Every parent knows that when it comes to sightseeing with children, less is more. We should have known the fabulous sculptures of the Royal Palace and Wat Arun, the Temple of the Dawn, would leave the children unimpressed. Amid the heat and crowds at Wat Phra Keo, the Temple of the Jade Buddha, their main interest was drawn by a water trough: “Look – tadpoles!” “No, they’re little fish.”

Top temple was Wat Pho, with its shady gardens, fountains and 46-metre long gold-plated Reclining Buddha: “It’s massive!” A canal tour also started well: the wizened driver on his raised seat, and the long-tail boat with its massive on-board motor, were reminiscent of Star Wars. The children gazed with interest as we passed dwelling-houses on stilts over the murky water, laundries festooned with fluttering shirts, and a Chinese coffin shop, the white cases decorated with more gold Buddhas. When we stopped to feed catfish, a seething shoal of white and grey rose to the surface like a single organism to consume our 20-baht loaves.

But then things went downhill. The “Sai Thong Floating Market” was neither floating, nor a market, but a large shed housing a hoard of tourist tat. “Truth is, no more floating market in Bangkok for 20 years,” our guide said. Then there was the snake farm – really a small zoo with a snake-show attached.

An oasis of calm

By the time we stepped off the boat we all wanted to return to the hotel. If the children had had their way, we’d have spent our whole time there. The Metropolitan is an oasis of calm on the South Sathorn Road where the service has a dreamlike quality: when we checked in, no less than four staff stepped forward to complete our registration forms for us. The children found the attention pretty cool.

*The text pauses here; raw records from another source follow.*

(* For positive integers $m\le n$, the complete bipartite graph $K_{m,n}$ satisfies $IDI(K_{m,n})=n$ if $m<n$, and $IDI(K_{m,n})=n+1$ if $m=n$.
   Context: For a finite simple connected graph $G=(V,E)$ with diameter $d$, a rank assignment is a function $f:V\to\mathbb{R}$; under $f$, the string of a vertex $v$ is the $d$-vector whose $i$-th coordinate is the sum of $f(w)$ over all vertices $w$ with $d(v,w)=i$. The ID-index $IDI(G)$ is the minimum $k$ such that there exists $f:V\to\mathbb{R}$ with $|f(V)|=k$ under which all vertices have distinct strings. *)

From HB Require Import structures.
From mathcomp Require Import all_boot all_order all_algebra.
From Stdlib Require Import Rdefinitions.
From mathcomp Require Import Rstruct.
Set Implicit Arguments. Unset Strict Implicit. Unset Printing Implicit Defensive.
Import Order.TTheory GRing.Theory Num.Theory.

(* A finite simple graph: vertex finType T with symmetric irreflexive e : rel T. *)

Local Open Scope ring_scope.
Section Graph.
Variables (T : finType) (e : rel T).

Fixpoint ball (k : nat) (x : T) : {set T} :=
  match k with
  | 0 => [set x]
  | k'.+1 => ball k' x :|: [set y | [exists z in ball k' x, e z y]]
  end.

(* graph distance: the least k with y in ball k x (for connected graphs
   this is < #|T|; default #|T| if unreachable) *)
Definition gdist (x y : T) : nat := find (fun k => y \in ball k x) (iota 0 #|T|).

Definition diameter : nat := \max_(x : T) \max_(y : T) gdist x y.

Definition vstring (f : T -> R) (v : T) : seq R :=
  [seq \sum_(w : T | gdist v w == i) f w | i <- iota 1 diameter].

Definition num_values (f : T -> R) : nat := size (undup [seq f v | v <- enum T]).

Definition distinguishing (f : T -> R) : Prop := injective (vstring f).

Definition is_IDI (k : nat) : Prop :=
  (exists f : T -> R, distinguishing f /\ num_values f = k) /\
  (forall f : T -> R, distinguishing f -> leq k (num_values f)).
End Graph.

Definition Kmn_rel (m n : nat) : rel ('I_m + 'I_n)%type :=
  fun x y => match x, y with
             | inl _, inr _ | inr _, inl _ => true
             | _, _ => false
             end.

(* In K_{m,n} distinct vertices are at distance 1 (opposite sides) or 2 (same
   side), so the string of a vertex v is (sum of f over the other side, sum of f
   over the side of v minus f v), padded with zeros.  Hence f distinguishes the
   vertices iff it is injective on each side and the two side sums differ as
   soon as some value is taken on both sides.  Injectivity on the larger side
   forces n values.  If m = n and only n values occur, both sides take exactly
   the same n values, so the side sums agree and a shared value collides.  The
   ranks i+1 on the left and j+1 (plus one when m = n) on the right reach these
   bounds, because the right side sum exceeds the left one. *)

From HB Require Import structures.
From mathcomp Require Import all_boot all_order all_algebra.
From Stdlib Require Import Rdefinitions.
From mathcomp Require Import Rstruct.
Set Implicit Arguments. Unset Strict Implicit. Unset Printing Implicit Defensive.
Import Order.TTheory GRing.Theory Num.Theory.

Section Distance.
Variables (T : finType) (e : rel T).

Lemma in_ball0 x y : (y \in ball e 0 x) = (y == x).
Proof. by rewrite inE. Qed.

Lemma in_ballS k x y :
  (y \in ball e k.+1 x) = (y \in ball e k x) || [exists z in ball e k x, e z y].
Proof. by rewrite /= !inE. Qed.

Lemma in_ball1 x y : (y \in ball e 1 x) = (y == x) || e x y.
Proof.
rewrite in_ballS in_ball0; congr (_ || _); apply/existsP/idP => [[z]|exy].
  by rewrite in_ball0 => /andP[/eqP ->].
by exists x; rewrite in_ball0 eqxx.
Qed.

Lemma gdist_eq k x y : k < #|T| -> y \in ball e k x ->
  (forall j, j < k -> y \notin ball e j x) -> gdist e x y = k.
Proof.
move=> ltkT yk ynj; rewrite /gdist; set p := fun j => y \in ball e j x.
have hasp : has p (iota 0 #|T|) by apply/hasP; exists k; rewrite ?mem_iota.
have := has_find p (iota 0 #|T|); rewrite hasp size_iota => /esym lt_find.
case: (ltngtP (find p (iota 0 #|T|)) k) => // [lt_fk | lt_kf].
  have := nth_find 0 hasp; rewrite nth_iota // add0n.
  by rewrite /p (negbTE (ynj _ lt_fk)).
by have := before_find 0 lt_kf; rewrite nth_iota // add0n /p yk.
Qed.

Lemma gdist_le_diameter x y : gdist e x y <= diameter e.
Proof. exact: leq_trans (leq_bigmax y) (leq_bigmax x). Qed.

Lemma is_IDI_intro k f : distinguishing e f -> num_values f <= k ->
  (forall g, distinguishing e g -> k <= num_values g) -> is_IDI e k.
Proof.
move=> dist_f le_fk min_k; split=> //; exists f; split=> //.
by apply/eqP; rewrite eqn_leq le_fk min_k.
Qed.

Local Open Scope ring_scope.

Definition sphere_sum (f : T -> R) v i : R := \sum_(w | gdist e v w == i) f w.

Lemma sphere_sum_eq0 f v i :
  (forall w, (gdist e v w < i)%nat) -> sphere_sum f v i = 0.
Proof. by move=> lt_i; rewrite /sphere_sum big_pred0 // => w; rewrite ltn_eqF. Qed.

Lemma vstring_eqP f x y : vstring e f x = vstring e f y <->
  (forall i, (0 < i)%nat -> sphere_sum f x i = sphere_sum f y i).
Proof.
rewrite -[vstring e f x]/(map (sphere_sum f x) _).
rewrite -[vstring e f y]/(map (sphere_sum f y) _) -eq_in_map.
split=> [eq_s i i_gt0 | eq_s i]; last first.
  by rewrite mem_iota => /andP[/eq_s].
case: (leqP i (diameter e)) => [le_id | lt_di].
  by apply: eq_s; rewrite mem_iota i_gt0 add1n ltnS.
by rewrite !sphere_sum_eq0 // => w; apply: leq_ltn_trans (gdist_le_diameter _ _) lt_di.
Qed.

End Distance.

Section Values.
Variables (T : finType) (f : T -> R).

Definition values : seq R := undup [seq f v | v <- enum T].

Lemma mem_values v : f v \in values.
Proof. by rewrite mem_undup map_f ?mem_enum. Qed.

Lemma num_values_le (s : seq R) : (forall v, f v \in s) -> num_values f <= size s.
Proof.
move=> f_s; apply: uniq_leq_size (undup_uniq _) _ => x.
by rewrite mem_undup => /mapP[v _ ->].
Qed.

Variables (S : finType) (g : S -> T).
Hypothesis inj_fg : injective (f \o g).

Lemma num_values_ge : #|S| <= num_values f.
Proof.
rewrite cardE -(size_map (f \o g)); apply: uniq_leq_size.
  by rewrite map_inj_uniq ?enum_uniq.
by move=> x /mapP[s _ ->]; exact: mem_values.
Qed.

Lemma perm_values : num_values f <= #|S| -> perm_eq [seq f (g s) | s <- enum S] values.
Proof.
move=> le_fS; have uniq_fg : uniq [seq f (g s) | s <- enum S].
  by rewrite (map_inj_uniq inj_fg) enum_uniq.
have sub : {subset [seq f (g s) | s <- enum S] <= values}.
  by move=> x /mapP[s _ ->]; exact: mem_values.
have le_size : size values <= size [seq f (g s) | s <- enum S].
  by rewrite size_map -cardE.
have [_ eq_fg] := uniq_min_size uniq_fg sub le_size.
exact: uniq_perm (undup_uniq _) eq_fg.
Qed.

Local Open Scope ring_scope.

Lemma sum_values : (num_values f <= #|S|)%nat -> \sum_s f (g s) = \sum_(x <- values) x.
Proof. by move/perm_values/(perm_big _) <-; rewrite big_map big_enum. Qed.

End Values.

Section CompleteBipartite.
Variables (m n : nat) (m_gt0 : 0 < m) (n_gt0 : 0 < n).
Local Notation T := ('I_m + 'I_n)%type.
Local Notation e := (@Kmn_rel m n).

Lemma Kmn_irrefl : irreflexive e.
Proof. by case. Qed.

Lemma Kmn_common_neighbour x y : ~~ e x y -> exists z, e x z && e z y.
Proof.
case: x => a; case: y => b //= _.
  by exists (inr (Ordinal n_gt0)).
by exists (inl (Ordinal m_gt0)).
Qed.

Lemma gdist_Kmn x y : gdist e x y = if x == y then 0 else if e x y then 1 else 2.
Proof.
have [<- | neq_xy] := eqVneq x y.
  by apply: gdist_eq; rewrite ?in_ball0 //; apply/card_gt0P; exists x.
have neq_yx : y != x by rewrite eq_sym.
have T_gt1 : 1 < #|{: T}| by apply/card_gt1P; exists x, y.
case: ifP => [exy | /negbT nexy].
  by apply: gdist_eq; rewrite ?in_ball1 ?exy ?orbT // => -[|//] _; rewrite in_ball0.
have [z /andP[exz ezy]] := Kmn_common_neighbour nexy.
have neq_yz : y != z by apply: contraTneq ezy => ->; rewrite Kmn_irrefl.
have neq_zx : z != x by apply: contraTneq exz => ->; rewrite Kmn_irrefl.
have T_gt2 : 2 < #|{: T}| by apply/card_gt2P; exists x, y, z.
apply: gdist_eq => //.
  rewrite in_ballS; apply/orP; right; apply/existsP.
  by exists z; rewrite in_ball1 exz ezy orbT.
by case=> [|[|]] // _; rewrite ?in_ball0 ?in_ball1 (negbTE neq_yx) ?(negbTE nexy).
Qed.

Lemma gdist_Kmn_le2 x y : gdist e x y <= 2.
Proof. by rewrite gdist_Kmn; case: ifP => //; case: ifP. Qed.

Local Open Scope ring_scope.
Implicit Types f : T -> R.

Definition left_sum f := \sum_(i < m) f (inl i).
Definition right_sum f := \sum_(j < n) f (inr j).

Definition Kmn_profile f v : R * R :=
  match v with
  | inl _ => (right_sum f, left_sum f - f v)
  | inr _ => (left_sum f, right_sum f - f v)
  end.

Lemma sphere_sums_Kmn f v : (sphere_sum e f v 1, sphere_sum e f v 2) = Kmn_profile f v.
Proof.
have dist w i :
    (gdist e v w == i) = ((if v == w then 0 else if e v w then 1 else 2)%nat == i).
  by rewrite gdist_Kmn.
rewrite /sphere_sum !(eq_bigl _ _ (dist^~ _)).
have sum_neq (I : finType) (F : I -> R) a : \sum_(i | i != a) F i = \sum_i F i - F a.
  by rewrite [X in _ = X - _](bigD1 a) //= addrAC subrr add0r.
have if_eq1 (b : bool) : ((if b then 0 else 2)%nat == 1) = false by case: b.
have if_eq2 (b : bool) : ((if b then 0 else 2)%nat == 2) = ~~ b by case: b.
case: v {dist} => a; rewrite !big_sumType /=; congr (_, _).
- by rewrite big_pred0 ?add0r // => i; rewrite if_eq1.
- rewrite [X in _ + X]big_pred0 // addr0 /left_sum -(sum_neq _ _ a).
  by apply: eq_bigl => i; rewrite if_eq2 eq_sym.
- by rewrite [X in _ + X]big_pred0 ?addr0 // => i; rewrite if_eq1.
- rewrite big_pred0 // add0r /right_sum -(sum_neq _ _ a).
  by apply: eq_bigl => i; rewrite if_eq2 eq_sym.
Qed.

Lemma Kmn_distinguishingP f : distinguishing e f <-> injective (Kmn_profile f).
Proof.
suff eq_vstring x y : vstring e f x = vstring e f y <-> Kmn_profile f x = Kmn_profile f y.
  by split=> inj x y /eq_vstring /inj.
rewrite vstring_eqP -!sphere_sums_Kmn; split=> [eq_s | [eq1 eq2] [|[|[|i]]] //= _].
  by rewrite !eq_s.
by rewrite !sphere_sum_eq0 // => w; exact: leq_ltn_trans (gdist_Kmn_le2 _ _) _.
Qed.

Lemma Kmn_profile_injP f : injective (Kmn_profile f) <->
  [/\ injective (f \o inl), injective (f \o inr) &
      forall i j, f (inl i) = f (inr j) -> left_sum f != right_sum f].
Proof.
split=> [inj_p | [injL injR sep] [a|a] [b|b] /pair_equal_spec[eq1 eq2]].
- split=> [a b /= eq_f | a b /= eq_f | a b eq_f].
  + by have /= := inj_p (inl a) (inl b); rewrite eq_f => /(_ erefl) [].
  + by have /= := inj_p (inr a) (inr b); rewrite eq_f => /(_ erefl) [].
  + apply/eqP=> eq_s; have /= := inj_p (inl a) (inr b).
    by rewrite eq_f eq_s => /(_ erefl).
- by rewrite (injL a b) //; exact: subrI eq2.
- by rewrite eq1 in eq2; have := sep a b (subrI _ eq2); rewrite eq1 eqxx.
- by rewrite eq1 in eq2; have := sep b a (esym (subrI _ eq2)); rewrite eq1 eqxx.
- by rewrite (injR a b) //; exact: subrI eq2.
Qed.

Lemma Kmn_num_values_ge f : distinguishing e f -> (n <= num_values f)%nat.
Proof.
case/Kmn_distinguishingP/Kmn_profile_injP => _ injR _.
by have := num_values_ge injR; rewrite card_ord.
Qed.

Lemma Kmn_num_values_gt f : m = n -> distinguishing e f -> (n < num_values f)%nat.
Proof.
move=> eq_mn /[dup] /Kmn_num_values_ge; rewrite leq_eqVlt => /orP[/eqP eq_nv|//].
case/Kmn_distinguishingP/Kmn_profile_injP => injL injR sep.
have le_L : (num_values f <= #|'I_m|)%nat by rewrite card_ord -eq_nv eq_mn.
have le_R : (num_values f <= #|'I_n|)%nat by rewrite card_ord -eq_nv.
have eq_sums : left_sum f = right_sum f.
  by rewrite /left_sum /right_sum (sum_values injL le_L) (sum_values injR le_R).
have := mem_values f (inl (Ordinal m_gt0)).
rewrite -(perm_mem (perm_values injR le_R)) => /mapP[j _ eq_f].
by have := sep _ _ eq_f; rewrite eq_sums eqxx.
Qed.

Hypothesis le_mn : (m <= n)%nat.

Definition Kmn_rank (v : T) : R :=
  match v with inl i => i.+1%:R | inr j => (j.+1 + (m == n))%:R end.

Lemma Kmn_rank_num_values : (num_values Kmn_rank <= n + (m == n))%nat.
Proof.
rewrite -(size_iota 1 (n + (m == n))) -(size_map (fun k => k%:R : R)).
apply: num_values_le => -[i|j]; apply/mapP.
  exists i.+1; rewrite // mem_iota add1n ltnS /=.
  exact/ltn_addr/(leq_trans (ltn_ord i)).
exists (j.+1 + (m == n))%nat; rewrite // mem_iota add1n ltnS.
by rewrite leq_add2r ltn_ord andbT addSn.
Qed.

Lemma Kmn_rank_sums_lt : left_sum Kmn_rank < right_sum Kmn_rank.
Proof.
rewrite /left_sum /right_sum -!natr_sum ltr_nat big_split /= sum_nat_const card_ord.
have [<- | neq_mn] := eqVneq m n.
  by rewrite muln1 -[X in (X < _)%nat]addn0 ltn_add2l.
have sum_succ_homo : {homo (fun k => \sum_(i < k) i.+1) : j k / (j < k)%nat}.
  apply: homo_ltn => [y x z|k]; first exact: ltn_trans.
  by rewrite big_ord_recr /= -[X in (X < _)%nat]addn0 ltn_add2l.
by rewrite muln0 addn0 sum_succ_homo // ltn_neqAle neq_mn.
Qed.

Lemma Kmn_rank_distinguishing : distinguishing e Kmn_rank.
Proof.
apply/Kmn_distinguishingP/Kmn_profile_injP; split=> [i i'|j j'|i j _].
- by move/eqP; rewrite /= eqr_nat eqSS => /eqP/val_inj.
- by move/eqP; rewrite /= eqr_nat eqn_add2r eqSS => /eqP/val_inj.
- by rewrite lt_eqF // Kmn_rank_sums_lt.
Qed.

End CompleteBipartite.

Theorem mainTheorem13 (m n : nat) (hm : 0 < m) (hmn : m <= n) :
  (m < n -> is_IDI (@Kmn_rel m n) n) /\
  (m = n -> is_IDI (@Kmn_rel m n) n.+1).
Proof.
have hn : 0 < n := leq_trans hm hmn.
have rank_dist := Kmn_rank_distinguishing hm hn hmn.
have rank_values := Kmn_rank_num_values hmn.
split=> [lt_mn | eq_mn]; apply: (is_IDI_intro rank_dist).
- by rewrite (ltn_eqF lt_mn) addn0 in rank_values.
- by move=> g; apply: Kmn_num_values_ge.
- by rewrite (introT eqP eq_mn) addn1 in rank_values.
- by move=> g; apply: Kmn_num_values_gt.
Qed.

Said Anna at breakfast: “I just looked at the bread, and the waiter said ‘Do you want some toast?’ I feel like a queen.” But best of all was the pool: outdoors, beautiful to look at, and big enough to swim in and to lounge by.

What they least enjoyed was getting around. Transport in Bangkok is a pleasure and a pain. A pleasure because the river boats, tuk-tuks and sky train are fun. A night ride in a tuk-tuk – “four people balanced in a cage on the back of a moped stuck in top gear” – was a huge hit (“Blimey, they go fast!” “Can we buy one?”). But a pain because most of the city centre is permanently gridlocked.

A polystyrene police station

Eating and street markets scored highly, too. At the Suan Lum night market we entered an ancient temple. “It’s made of polystyrene,” Owen said. He was right. The painted blocks masked a 24-hour tourist police station. In the warren of brightly lit stalls selling everything from DVDs to chameleons, a little pocket money went a long way. But on the walk home, with traffic roaring by, both children pulled up their shirts as impromptu face-masks.

Good food is everywhere in Bangkok. From the stylish eateries at the Metropolitan to the road-side stalls in Thonburi, we stuffed ourselves to bursting point.

Our final day found us lounging by the pool. “How would you describe Bangkok?” I asked the children.

Anna: “Smiley. Smelly.”

Owen: “Polluted. Tasty.”

There were several hours left before our flight to Sydney. Should we go and visit the famous solid gold Buddha in Chinatown? Or should we lounge further?

It was no contest.

“Actually,” Anna said, “I’ve just about had enough Buddhas for today.”